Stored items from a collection
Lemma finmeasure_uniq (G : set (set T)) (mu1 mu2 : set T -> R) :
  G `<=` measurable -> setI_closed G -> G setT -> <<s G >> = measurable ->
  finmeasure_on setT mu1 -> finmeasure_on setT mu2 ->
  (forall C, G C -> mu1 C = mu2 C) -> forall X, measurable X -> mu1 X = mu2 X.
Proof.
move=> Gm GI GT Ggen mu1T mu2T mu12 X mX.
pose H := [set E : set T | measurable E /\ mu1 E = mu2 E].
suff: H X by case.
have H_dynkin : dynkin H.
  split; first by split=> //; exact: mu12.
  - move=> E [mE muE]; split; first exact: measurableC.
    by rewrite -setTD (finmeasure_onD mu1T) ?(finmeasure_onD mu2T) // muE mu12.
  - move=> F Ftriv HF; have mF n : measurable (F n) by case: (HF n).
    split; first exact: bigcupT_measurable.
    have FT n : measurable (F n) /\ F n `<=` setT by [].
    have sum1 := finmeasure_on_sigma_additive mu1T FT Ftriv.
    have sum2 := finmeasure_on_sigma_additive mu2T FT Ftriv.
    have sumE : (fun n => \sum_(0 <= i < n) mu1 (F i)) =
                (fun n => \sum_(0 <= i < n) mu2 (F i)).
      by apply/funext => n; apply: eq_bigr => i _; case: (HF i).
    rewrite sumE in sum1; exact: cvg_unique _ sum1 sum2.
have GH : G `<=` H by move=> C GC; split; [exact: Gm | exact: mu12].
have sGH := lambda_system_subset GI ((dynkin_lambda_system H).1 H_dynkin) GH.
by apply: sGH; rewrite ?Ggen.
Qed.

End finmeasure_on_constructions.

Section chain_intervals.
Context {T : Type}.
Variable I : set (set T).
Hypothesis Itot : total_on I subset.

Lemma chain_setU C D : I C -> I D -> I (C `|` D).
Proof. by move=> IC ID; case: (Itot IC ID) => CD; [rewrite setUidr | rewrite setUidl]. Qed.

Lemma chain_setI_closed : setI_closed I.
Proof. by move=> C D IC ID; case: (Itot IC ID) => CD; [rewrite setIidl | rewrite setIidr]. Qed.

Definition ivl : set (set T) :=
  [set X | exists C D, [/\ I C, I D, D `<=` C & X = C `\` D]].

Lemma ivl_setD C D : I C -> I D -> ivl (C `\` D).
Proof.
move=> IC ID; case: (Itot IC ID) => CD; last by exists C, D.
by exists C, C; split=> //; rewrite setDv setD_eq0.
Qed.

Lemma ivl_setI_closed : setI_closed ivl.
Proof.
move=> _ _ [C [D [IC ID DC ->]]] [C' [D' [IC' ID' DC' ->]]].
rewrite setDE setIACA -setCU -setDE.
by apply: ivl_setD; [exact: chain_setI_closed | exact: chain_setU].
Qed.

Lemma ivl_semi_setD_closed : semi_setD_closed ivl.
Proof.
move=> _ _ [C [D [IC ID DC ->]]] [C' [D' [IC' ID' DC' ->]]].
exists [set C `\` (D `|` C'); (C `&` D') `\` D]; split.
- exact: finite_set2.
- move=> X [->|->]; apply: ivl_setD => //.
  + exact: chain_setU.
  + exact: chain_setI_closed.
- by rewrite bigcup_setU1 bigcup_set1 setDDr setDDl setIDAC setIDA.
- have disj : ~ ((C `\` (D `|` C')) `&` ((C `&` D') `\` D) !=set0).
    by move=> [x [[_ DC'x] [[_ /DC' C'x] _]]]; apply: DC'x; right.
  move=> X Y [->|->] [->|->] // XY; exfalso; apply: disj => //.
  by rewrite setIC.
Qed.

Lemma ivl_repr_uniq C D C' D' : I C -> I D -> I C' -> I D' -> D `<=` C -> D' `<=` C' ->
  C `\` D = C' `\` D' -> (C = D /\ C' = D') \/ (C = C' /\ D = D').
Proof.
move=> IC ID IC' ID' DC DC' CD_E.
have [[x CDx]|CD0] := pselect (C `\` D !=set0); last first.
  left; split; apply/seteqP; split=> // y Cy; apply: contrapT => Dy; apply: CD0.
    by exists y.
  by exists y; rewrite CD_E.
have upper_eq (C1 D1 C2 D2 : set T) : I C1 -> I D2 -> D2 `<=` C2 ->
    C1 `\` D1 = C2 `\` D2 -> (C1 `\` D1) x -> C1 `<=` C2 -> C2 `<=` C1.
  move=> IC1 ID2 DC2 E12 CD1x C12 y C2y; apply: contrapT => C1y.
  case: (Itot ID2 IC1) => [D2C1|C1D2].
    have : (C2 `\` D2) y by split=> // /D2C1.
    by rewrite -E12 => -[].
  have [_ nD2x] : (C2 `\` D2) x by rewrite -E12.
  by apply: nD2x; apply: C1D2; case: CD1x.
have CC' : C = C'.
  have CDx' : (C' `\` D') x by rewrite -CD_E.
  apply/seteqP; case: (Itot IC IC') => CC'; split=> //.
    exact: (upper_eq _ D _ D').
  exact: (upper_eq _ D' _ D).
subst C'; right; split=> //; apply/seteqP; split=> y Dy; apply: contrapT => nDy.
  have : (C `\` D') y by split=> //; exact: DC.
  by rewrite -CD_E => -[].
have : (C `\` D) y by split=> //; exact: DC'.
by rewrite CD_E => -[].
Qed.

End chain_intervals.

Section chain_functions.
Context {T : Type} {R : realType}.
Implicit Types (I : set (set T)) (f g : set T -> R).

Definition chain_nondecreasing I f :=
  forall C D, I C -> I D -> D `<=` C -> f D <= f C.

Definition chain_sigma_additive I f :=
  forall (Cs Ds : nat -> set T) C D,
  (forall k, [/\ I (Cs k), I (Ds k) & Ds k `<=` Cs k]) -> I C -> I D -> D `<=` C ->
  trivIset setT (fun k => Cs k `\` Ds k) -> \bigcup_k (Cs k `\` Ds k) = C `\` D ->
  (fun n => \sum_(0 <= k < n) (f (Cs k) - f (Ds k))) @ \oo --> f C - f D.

==

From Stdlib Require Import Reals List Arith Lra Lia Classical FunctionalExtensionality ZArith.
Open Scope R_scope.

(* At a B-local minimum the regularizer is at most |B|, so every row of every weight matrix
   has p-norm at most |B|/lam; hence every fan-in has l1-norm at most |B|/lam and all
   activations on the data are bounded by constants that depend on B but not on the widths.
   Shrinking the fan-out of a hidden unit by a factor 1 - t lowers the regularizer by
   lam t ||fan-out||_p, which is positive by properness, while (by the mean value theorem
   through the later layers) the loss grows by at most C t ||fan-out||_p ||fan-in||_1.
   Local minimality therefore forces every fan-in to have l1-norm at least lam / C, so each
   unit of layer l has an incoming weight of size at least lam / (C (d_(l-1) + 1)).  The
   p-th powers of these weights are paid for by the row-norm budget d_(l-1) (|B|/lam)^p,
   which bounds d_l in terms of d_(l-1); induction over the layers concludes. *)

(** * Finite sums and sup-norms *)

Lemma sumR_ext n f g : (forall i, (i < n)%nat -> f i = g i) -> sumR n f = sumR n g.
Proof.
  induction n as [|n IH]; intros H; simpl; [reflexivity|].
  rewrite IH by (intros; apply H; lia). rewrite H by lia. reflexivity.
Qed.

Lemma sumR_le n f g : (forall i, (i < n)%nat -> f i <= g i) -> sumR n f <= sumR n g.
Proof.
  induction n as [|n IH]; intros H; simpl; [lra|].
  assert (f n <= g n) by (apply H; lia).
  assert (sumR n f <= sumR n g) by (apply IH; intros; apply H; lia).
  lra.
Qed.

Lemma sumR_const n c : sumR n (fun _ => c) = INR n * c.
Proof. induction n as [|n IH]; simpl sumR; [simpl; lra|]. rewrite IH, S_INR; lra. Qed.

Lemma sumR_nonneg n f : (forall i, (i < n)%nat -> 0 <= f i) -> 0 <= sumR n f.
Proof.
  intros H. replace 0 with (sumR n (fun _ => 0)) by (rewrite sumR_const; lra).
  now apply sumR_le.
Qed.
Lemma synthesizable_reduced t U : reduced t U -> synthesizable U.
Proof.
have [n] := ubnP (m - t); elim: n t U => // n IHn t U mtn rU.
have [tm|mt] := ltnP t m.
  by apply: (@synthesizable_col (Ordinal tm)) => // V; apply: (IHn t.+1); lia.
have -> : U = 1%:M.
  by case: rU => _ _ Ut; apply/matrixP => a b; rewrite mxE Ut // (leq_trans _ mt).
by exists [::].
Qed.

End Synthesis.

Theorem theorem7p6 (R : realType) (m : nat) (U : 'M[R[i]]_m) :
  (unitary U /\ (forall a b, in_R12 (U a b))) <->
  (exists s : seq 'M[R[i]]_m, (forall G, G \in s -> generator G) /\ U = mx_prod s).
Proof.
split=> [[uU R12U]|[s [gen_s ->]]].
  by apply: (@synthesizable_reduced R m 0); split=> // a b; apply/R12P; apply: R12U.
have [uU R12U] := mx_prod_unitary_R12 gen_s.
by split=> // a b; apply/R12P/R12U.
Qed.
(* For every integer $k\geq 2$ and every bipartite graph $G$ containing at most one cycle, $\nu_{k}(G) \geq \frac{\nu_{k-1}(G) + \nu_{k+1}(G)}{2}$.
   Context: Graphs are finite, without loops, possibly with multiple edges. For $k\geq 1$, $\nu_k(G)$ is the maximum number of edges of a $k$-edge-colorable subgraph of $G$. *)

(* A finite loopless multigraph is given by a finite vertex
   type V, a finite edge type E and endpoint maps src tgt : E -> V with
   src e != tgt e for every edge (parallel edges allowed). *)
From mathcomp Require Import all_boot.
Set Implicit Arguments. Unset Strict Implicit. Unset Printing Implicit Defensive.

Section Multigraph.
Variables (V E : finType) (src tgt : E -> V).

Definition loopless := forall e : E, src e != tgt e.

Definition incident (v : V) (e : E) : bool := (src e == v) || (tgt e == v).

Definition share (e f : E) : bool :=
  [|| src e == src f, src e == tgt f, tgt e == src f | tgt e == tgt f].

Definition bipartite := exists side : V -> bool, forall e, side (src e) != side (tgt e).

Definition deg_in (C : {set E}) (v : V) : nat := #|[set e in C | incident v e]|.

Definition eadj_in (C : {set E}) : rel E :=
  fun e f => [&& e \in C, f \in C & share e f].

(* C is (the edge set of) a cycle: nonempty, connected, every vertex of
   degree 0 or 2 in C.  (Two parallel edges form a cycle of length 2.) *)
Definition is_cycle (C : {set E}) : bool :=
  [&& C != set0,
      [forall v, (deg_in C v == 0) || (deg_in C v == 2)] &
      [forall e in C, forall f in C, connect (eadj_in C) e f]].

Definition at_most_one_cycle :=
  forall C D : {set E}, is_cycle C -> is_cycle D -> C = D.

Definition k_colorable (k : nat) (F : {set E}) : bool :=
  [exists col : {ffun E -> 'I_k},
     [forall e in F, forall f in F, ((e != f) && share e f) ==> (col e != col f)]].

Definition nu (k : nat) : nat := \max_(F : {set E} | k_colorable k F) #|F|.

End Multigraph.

▸ **PROBLEM STATEMENT**
Using the entries shown above, reproduce verbatim the lines from the line bearing "by apply: ivl_setD;" to the line bearing "by rewrite -CD_E => -[].", inclusive.

▸ **RESPONSE AREA**
by apply: ivl_setD; [exact: chain_setI_closed | exact: chain_setU].
Qed.

Lemma ivl_semi_setD_closed : semi_setD_closed ivl.
Proof.
move=> _ _ [C [D [IC ID DC ->]]] [C' [D' [IC' ID' DC' ->]]].
exists [set C `\` (D `|` C'); (C `&` D') `\` D]; split.
- exact: finite_set2.
- move=> X [->|->]; apply: ivl_setD => //.
  + exact: chain_setU.
  + exact: chain_setI_closed.
- by rewrite bigcup_setU1 bigcup_set1 setDDr setDDl setIDAC setIDA.
- have disj : ~ ((C `\` (D `|` C')) `&` ((C `&` D') `\` D) !=set0).
    by move=> [x [[_ DC'x] [[_ /DC' C'x] _]]]; apply: DC'x; right.
  move=> X Y [->|->] [->|->] // XY; exfalso; apply: disj => //.
  by rewrite setIC.
Qed.

Lemma ivl_repr_uniq C D C' D' : I C -> I D -> I C' -> I D' -> D `<=` C -> D' `<=` C' ->
  C `\` D = C' `\` D' -> (C = D /\ C' = D') \/ (C = C' /\ D = D').
Proof.
move=> IC ID IC' ID' DC DC' CD_E.
have [[x CDx]|CD0] := pselect (C `\` D !=set0); last first.
  left; split; apply/seteqP; split=> // y Cy; apply: contrapT => Dy; apply: CD0.
    by exists y.
  by exists y; rewrite CD_E.
have upper_eq (C1 D1 C2 D2 : set T) : I C1 -> I D2 -> D2 `<=` C2 ->
    C1 `\` D1 = C2 `\` D2 -> (C1 `\` D1) x -> C1 `<=` C2 -> C2 `<=` C1.
  move=> IC1 ID2 DC2 E12 CD1x C12 y C2y; apply: contrapT => C1y.
  case: (Itot ID2 IC1) => [D2C1|C1D2].
    have : (C2 `\` D2) y by split=> // /D2C1.
    by rewrite -E12 => -[].
  have [_ nD2x] : (C2 `\` D2) x by rewrite -E12.
  by apply: nD2x; apply: C1D2; case: CD1x.
have CC' : C = C'.
  have CDx' : (C' `\` D') x by rewrite -CD_E.
  apply/seteqP; case: (Itot IC IC') => CC'; split=> //.
    exact: (upper_eq _ D _ D').
  exact: (upper_eq _ D' _ D).
subst C'; right; split=> //; apply/seteqP; split=> y Dy; apply: contrapT => nDy.
  have : (C `\` D') y by split=> //; exact: DC.
  by rewrite -CD_E => -[].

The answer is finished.